To the best of their knowledge and belief and according to the
information and explanation obtained by them, your Directors make the
following statement pursuant to Section 217(2AA) of the Companies Act,
1956:
1. That in the preparation of Annual accounts for the year ended March
31, 2014. the applicable accounting standards have been followed along
with proper explanation relating to material departures, if any.
2. That the appropriate accounting policies had been selected and
applied consistently, and judgments and estimates have been made that
were reasonable and prudent so as to give a true and fair view of the
state of affairs of the company as at March 31, 2014.
3. That the Directors had taken proper and sufficient care for the
maintenance of adequate accounting records in accordance with the
provisions of the Companies Act, 1956, for safeguarding the assets of
the company and for preventing and detecting fraud and other
irregularities.
That the accounts have been prepared on a "going concern basis".
PARTICULARS OF EMPLOYEES:
Statement giving particulars of employees as required under Section
217(2A) of the Companies Act, 1956 read with the Companies (Particulars
of Employees) Rules 1975, as amended, is not annexed to this report as
no employee was in receipt of the remuneration in excess of the
prescribed sum during the year.
STATEMENT UNDER SECTION 217(I)(e):
Statement pursuant to Section 217(I)(e) of the Companies Act, 1956,
read with the Companies (Disclosure of Particulars in the Report of
Board of Directors) Rules 1988, is given below:
* The Company has no activities relating to conservation of energy.
* The Company has made no provision for research and development
expenditure.
* The Company has no activity relating to technology absorption,
adoption and innovation.
* The Company has no activity relating to foreign exchange earnings and
outgo.
AUDITORS NOTES AND OBSERVATIONS:
Auditors have made certain observations in their report. These have
been appropriately dealt with in the notes to accounts which are
self-explanatory.
AUDITORS:
Your Directors propose appointment of M/s S.B.JAJOO & CO, Chartered
Accountants, whose appointment as been duly approved by the Audit
Committee and who shall hold office from the conclusion of this meeting
till the conclusion of the sixth annual general meeting, with this
meeting being counted as the first meeting and will be subject to
ratification in every Annual General Meeting till the sixth Annual
General meeting by way of passing of an ordinary resolution and to fix
their remuneration.
Also a certificate under Rule 4 of the Companies (Audit and Auditors)

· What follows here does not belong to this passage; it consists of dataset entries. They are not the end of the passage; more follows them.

Lemma Aseq_nonedge k i j : ~~ E j i -> A k i j = 0.
Proof.
move=> /negbTE ji; elim: k => [|k IHk]; first by rewrite /= /A0 ji.
by rewrite /= /step ji IHk.
Qed.

Lemma Aseq_mono i j : {homo (fun k => A k i j) : k k' / (k <= k')%N >-> k <= k'}.
Proof.
move=> k k' kk'; have [ji|ji] := boolP (E j i).
  by rewrite !Aseq_edge // lerD2l cum_incr_mono.
by rewrite !Aseq_nonedge.
Qed.

Lemma sum_out_cst i (c : R) : \sum_(j | E i j) c = deg i * c.
Proof.
rewrite (eq_bigl (fun j => j \in [set j | E i j]%SET)); last by move=> j; rewrite inE.
by rewrite sumr_const mulr_natl.
Qed.

Lemma deg_le i : deg i <= N%:R.
Proof. by rewrite ler_nat (leq_trans (max_card _)) ?card_ord. Qed.

Lemma deg_gt0 i j : E i j -> 0 < deg i.
Proof. by move=> ij; rewrite ltr0n; apply/card_gt0P; exists j; rewrite inE. Qed.

Lemma balE k i :
  bal k i = \sum_(j | E j i) (1 + cum_incr j k) - deg i * (1 + cum_incr i k).
Proof.
rewrite /bal /balance -sum_out_cst.
by congr (_ - _); apply: eq_bigr => j ?; rewrite Aseq_edge.
Qed.

Lemma balB k k' i : bal k' i - bal k i =
  \sum_(j | E j i) (cum_incr j k' - cum_incr j k) - deg i * (cum_incr i k' - cum_incr i k).
Proof.
have -> : \sum_(j | E j i) (cum_incr j k' - cum_incr j k) =
    \sum_(j | E j i) (1 + cum_incr j k') - \sum_(j | E j i) (1 + cum_incr j k).
  by rewrite -sumrB; apply: eq_bigr => j _; rewrite opprD addrACA subrr add0r.
rewrite !balE; lra.
Qed.

Lemma balS k i :
  bal k.+1 i = bal k i + \sum_(j | E j i) increment k j - deg i * increment k i.
Proof.
have := balB k k.+1 i; under eq_bigr do rewrite cum_incrS addrAC subrr add0r.
rewrite cum_incrS; lra.
Qed.

Lemma fired_bal_ge0 k i : fired k i -> 0 <= bal k.+1 i.
Proof.
move=> fi; rewrite balS {2}/increment fi.
have : 0 <= \sum_(j | E j i) increment k j by apply: sumr_ge0 => j _; exact: increment_ge0.
move: fi; rewrite /fired /bit -/(bal k i); lra.
Qed.

Lemma unfired_bal_le k i : ~~ fired k i -> bal k i <= bal k.+1 i.
Proof.
move=> /negbTE fi; rewrite balS /increment fi mulr0 subr0 lerDl.
by apply: sumr_ge0 => j _; exact: increment_ge0.
Qed.

Lemma bal_ge0_persist k k' i : (k <= k')%N -> 0 <= bal k i -> 0 <= bal k' i.
Proof.
move=> /subnK <-; elim: (k' - k)%N => [//|m IHm] /IHm b_ge0.
have [/fired_bal_ge0 //|/unfired_bal_le] := boolP (fired (m + k) i).
exact: le_trans.
Qed.

Lemma sum_bal k : \sum_i bal k i = 0.
Proof. exact: sum_balance. Qed.

Lemma norm1_ge0 k : 0 <= norm1 k.
Proof. exact: sumr_ge0. Qed.

Lemma norm_bal_le k i : `|bal k i| <= norm1 k.
Proof. by rewrite /imbalance_norm1 (bigD1 i) //= lerDl sumr_ge0. Qed.

Lemma norm1_nonincreasing : {homo norm1 : k k' / (k <= k')%N >-> k' <= k}.
Proof.
have norm1E k : norm1 k = \sum_i (`|bal k i| - bal k i) by rewrite sumrB sum_bal subr0.
suff norm1S k : norm1 k.+1 <= norm1 k.
  by move=> k k' /subnK <-; elim: (k' - k)%N => // m IHm; exact: le_trans (norm1S _) IHm.
rewrite !norm1E; apply: ler_sum => i _.
have [b_ge0|b_lt0] := lerP 0 (bal k.+1 i).
  by rewrite ger0_norm // subrr subr_ge0 ler_norm.
have le_bal : bal k i <= bal k.+1 i.
  by apply: unfired_bal_le; apply: contraTN b_lt0 => /fired_bal_ge0; rewrite leNgt.
by rewrite !ltr0_norm ?(le_lt_trans le_bal) //; lra.
Qed.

Rules, 2014 has been received from the Auditors to the effect that the
Auditor is eligible for appointment and is not disqualified for
appointment under the Act, the Chartered Accountants Act, 1949 and the
rules or regulations made there under and proposed appointment is
within the limits laid down by or under the authority of the Act.

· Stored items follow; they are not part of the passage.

(* Let $N\ge3$ and $\widetilde\psi\in\mathbb{Q}\langle\langle\widetilde X\rangle\rangle$. Then $\mathcal F\circ\tilde d_{\widetilde\psi}=d_{\mathcal F(\widetilde\psi)}\circ\mathcal F$ as maps $\mathbb{Q}(\mu_N)\langle\langle\widetilde X\rangle\rangle\to\mathbb{Q}(\mu_N)\langle\langle X\rangle\rangle$ (where $\tilde d_{\widetilde\psi}$ and $d_{\mathcal F(\widetilde\psi)}$ are extended $\mathbb{Q}(\mu_N)$-linearly).
   Context: $\zeta_N=\exp(2\pi i/N)$, $\mu_N$ the complex $N$-th roots of unity, $\iota:\{1,\dots,N\}\to\mathbb{Z}/N\mathbb{Z}$ the residue-class bijection. $K\langle\langle\mathcal L\rangle\rangle$: noncommutative formal power series over $\mathcal L$. Alphabets $X=\{x_0\}\cup\{x_\zeta:\zeta\in\mu_N\}$, $\widetilde X=\{\tilde x\}\cup\{\tilde x_\alpha:\alpha\in\mathbb{Z}/N\mathbb{Z}\}$. $\mathcal F$ is the continuous $\mathbb{Q}(\mu_N)$-algebra isomorphism $\tilde x\mapsto x_0$, $\tilde x_\alpha\mapsto\sum_{m=1}^N\zeta_N^{-m\iota^{-1}(\alpha)}x_{\zeta_N^m}$. For $\zeta\in\mu_N$, $t_\zeta$ is the algebra automorphism $x_0\mapsto x_0$, $x_\eta\mapsto x_{\zeta\eta}$; for $\psi\in\mathbb{Q}(\mu_N)\langle\langle X\rangle\rangle$, $d_\psi$ is the continuous derivation with $x_0\mapsto0$, $x_\zeta\mapsto[x_\zeta,t_\zeta(\psi)]$. For $a\in\{1,\dots,N\}$, $\tilde t_a$ is the algebra automorphism $\tilde x\mapsto\tilde x$, $\tilde x_\alpha\mapsto\zeta_N^{a\iota^{-1}(\alpha)}\tilde x_\alpha$, and $\widetilde T_a=\frac1N\sum_{m=1}^N\zeta_N^{-ma}\tilde t_m$. For $\widetilde\psi\in\mathbb{Q}\langle\langle\widetilde X\rangle\rangle$, $\tilde d_{\widetilde\psi}$ is the continuous derivation with $\tilde x\mapsto0$, $\tilde x_\alpha\mapsto\widetilde T_{\iota^{-1}(\alpha)}\big([\sum_{\beta\in\mathbb{Z}/N\mathbb{Z}}\tilde x_\beta,\widetilde\psi]\big)$. *)

(* Coefficients: algC (algebraic complex numbers), which
   contains Q(mu_N); Q and Q(mu_N) are carved out by predicates. *)
From HB Require Import structures.
From mathcomp Require Import all_boot all_order all_algebra all_field.
Set Implicit Arguments. Unset Strict Implicit. Unset Printing Implicit Defensive.
Import Order.TTheory GRing.Theory Num.Theory.
Local Open Scope ring_scope.

(* zeta_N = exp(2 pi i / N): N.-root (-1) is the N-th root of -1 of minimal
   argument, i.e. exp(i pi / N); its square is exp(2 pi i / N). *)
Definition zetaN (N : nat) : algC := (N.-root (-1)) ^+ 2.

Definition inQmuN (N : nat) (x : algC) : Prop :=
  exists p : {poly rat}, x = (map_poly ratr p).[zetaN N].

(* Noncommutative formal power series over the finite alphabet L with
   coefficients in algC: functions from words to coefficients. *)
Definition ser (L : finType) := seq L -> algC.

Section Series.
Variable L : finType.

Definition sadd (f g : ser L) : ser L := fun w => f w + g w.
Definition sopp (f : ser L) : ser L := fun w => - f w.
Definition sscale (c : algC) (f : ser L) : ser L := fun w => c * f w.
Definition szero : ser L := fun _ => 0.
Definition sone : ser L := fun w => (w == [::])%:R.
Definition sletter (a : L) : ser L := fun w => (w == [:: a])%:R.
Definition smul (f g : ser L) : ser L :=
  fun w => \sum_(i < (size w).+1) f (take i w) * g (drop i w).
Definition scomm (f g : ser L) : ser L := sadd (smul f g) (sopp (smul g f)).
Definition sprod (fs : seq (ser L)) : ser L := foldr smul sone fs.
Definition ssum (I : finType) (F : I -> ser L) : ser L :=
  fun w => \sum_(i : I) F i w.

End Series.

(* The continuous derivation D with prescribed values on letters:
   D(a_1...a_k) = sum_i a_1..a_{i-1} D(a_i) a_{i+1}..a_k, extended by
   continuity/linearity.  A word of length k only contributes to
   coefficients of words of length >= k-1, hence the finite sum below
   (over words of length <= |v|+1) is the coefficient at v of the
   convergent infinite sum. *)
Definition sderiv (L : finType) (D : L -> ser L) (f : ser L) : ser L :=
  fun v => \sum_(k < (size v).+2) \sum_(t : k.-tuple L)
     f t * \sum_(i < k)
        sprod (map (@sletter L) (take i t) ++ D (tnth t i)
                 :: map (@sletter L) (drop i.+1 t)) v.

(* continuous algebra morphism ser L1 -> ser L2 given by phi on letters,
   where every phi a has zero constant term (so a word of length k only
   contributes to coefficients of words of length >= k). *)
Definition ssubst (L1 L2 : finType) (phi : L1 -> ser L2) (f : ser L1) : ser L2 :=
  fun v => \sum_(k < (size v).+1) \sum_(t : k.-tuple L1)
     f t * sprod (map phi t) v.

(* X = {x_0} u {x_zeta : zeta in mu_N}: letter [None] is x_0 and
   [Some k] (k : 'I_N) is x_{zeta_N^k}.
   Xt = {xt} u {xt_alpha : alpha in Z/NZ}: [None] is xt and [Some alpha]
   is xt_alpha, the residue class alpha being represented by 0 <= alpha < N. *)
Definition alphX (N : nat) := option 'I_N.
Definition alphXt (N : nat) := option 'I_N.

Definition xz (N : nat) (m : nat) : alphX N := insub (m %% N)%N.

Definition iota_inv (N : nat) (alpha : 'I_N) : nat :=
  if val alpha == 0%N then N else val alpha.

Definition calF_letter (N : nat) (b : alphXt N) : ser (alphX N) :=
  match b with
  | None => sletter (None : alphX N)
  | Some alpha => fun w => \sum_(1 <= m < N.+1)
        (zetaN N) ^- (m * iota_inv alpha)%N * sletter (xz N m) w
  end.
Definition calF (N : nat) : ser (alphXt N) -> ser (alphX N) :=
  ssubst (@calF_letter N).

Definition t_zeta (N : nat) (k : 'I_N) : ser (alphX N) -> ser (alphX N) :=
  ssubst (fun a : alphX N => match a with
                  | None => sletter (None : alphX N)
                  | Some j => sletter (xz N (val k + val j)%N)
                  end).

Definition d_psi (N : nat) (psi : ser (alphX N)) : ser (alphX N) -> ser (alphX N) :=
  sderiv (fun a : alphX N => match a with
                  | None => @szero (alphX N)
                  | Some k => scomm (sletter (Some k)) (t_zeta k psi)
                  end).

Definition tt_a (N : nat) (a : nat) : ser (alphXt N) -> ser (alphXt N) :=
  ssubst (fun b : alphXt N => match b with
                  | None => sletter (None : alphXt N)
                  | Some alpha =>
                      sscale ((zetaN N) ^+ (a * iota_inv alpha)%N) (sletter (Some alpha))
                  end).

Definition Tt_a (N : nat) (a : nat) (f : ser (alphXt N)) : ser (alphXt N) :=
  fun w => N%:R^-1 * \sum_(1 <= m < N.+1) (zetaN N) ^- (m * a)%N * tt_a m f w.

Definition dt_psi (N : nat) (psi : ser (alphXt N)) : ser (alphXt N) -> ser (alphXt N) :=
  sderiv (fun b : alphXt N => match b with
                  | None => @szero (alphXt N)
                  | Some alpha =>
                      Tt_a (iota_inv alpha)
                        (scomm (ssum (fun beta : 'I_N => sletter (Some beta : alphXt N))) psi)
                  end).

From mathcomp Require Import all_boot all_order all_algebra all_field.
From mathcomp Require Import ring zify.
From Stdlib Require Import FunctionalExtensionality.
Set Implicit Arguments. Unset Strict Implicit. Unset Printing Implicit Defensive.
Import Order.TTheory GRing.Theory Num.Theory.
Local Open Scope ring_scope.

RESTRUCTURING OF THE BOARD OF DIRECTORS POST IMPLEMENTATION OF
COMPANIES ACT 2013:
The Board of Directors in its meeting held on 08th August 2014
reconstituted the Board of Directors of the Company in pursuant to
various provisions of the Companies Act 2013 as follows:
Name of Director Designation KMP position held
MR. ANKIT GARODIA Managing Director Chief Executive Officer
MR. SMAHESH Executive Director Chief Financial Officer
MR.SUNDARAM Independent
SANKARANARAYANAN Director -
MR. SHASHIKANTA NAYAK Independent -
Director
Further, your Directors confirm that in pursuance to the provisions of
the Companies Act, the Company in due course will appoint Women
Director and One More Director in the capacity of Non-executive
Independent Director which will strengthen the Board further and will
be helpful in empowering the Board of the Company to achieve higher
performance thereby resulting in overall growth of the Company.
CORPORATE GOVERNANCE:
Pursuant to the Circular No. 08/2014 of Ministry of Corporate Affairs
dated 04th April 2014, the Company has prepared its financial
Statements including Directors Report, Auditors Report as per the
provisions of the Companies Act 1956. Reports on Corporate Governance
and Management Discussions & Analysis are annexed and form part of this
report.
FIXED DEPOSITS:
Your company has neither invited nor accepted any Fixed Deposits from
the public during the financial year under review.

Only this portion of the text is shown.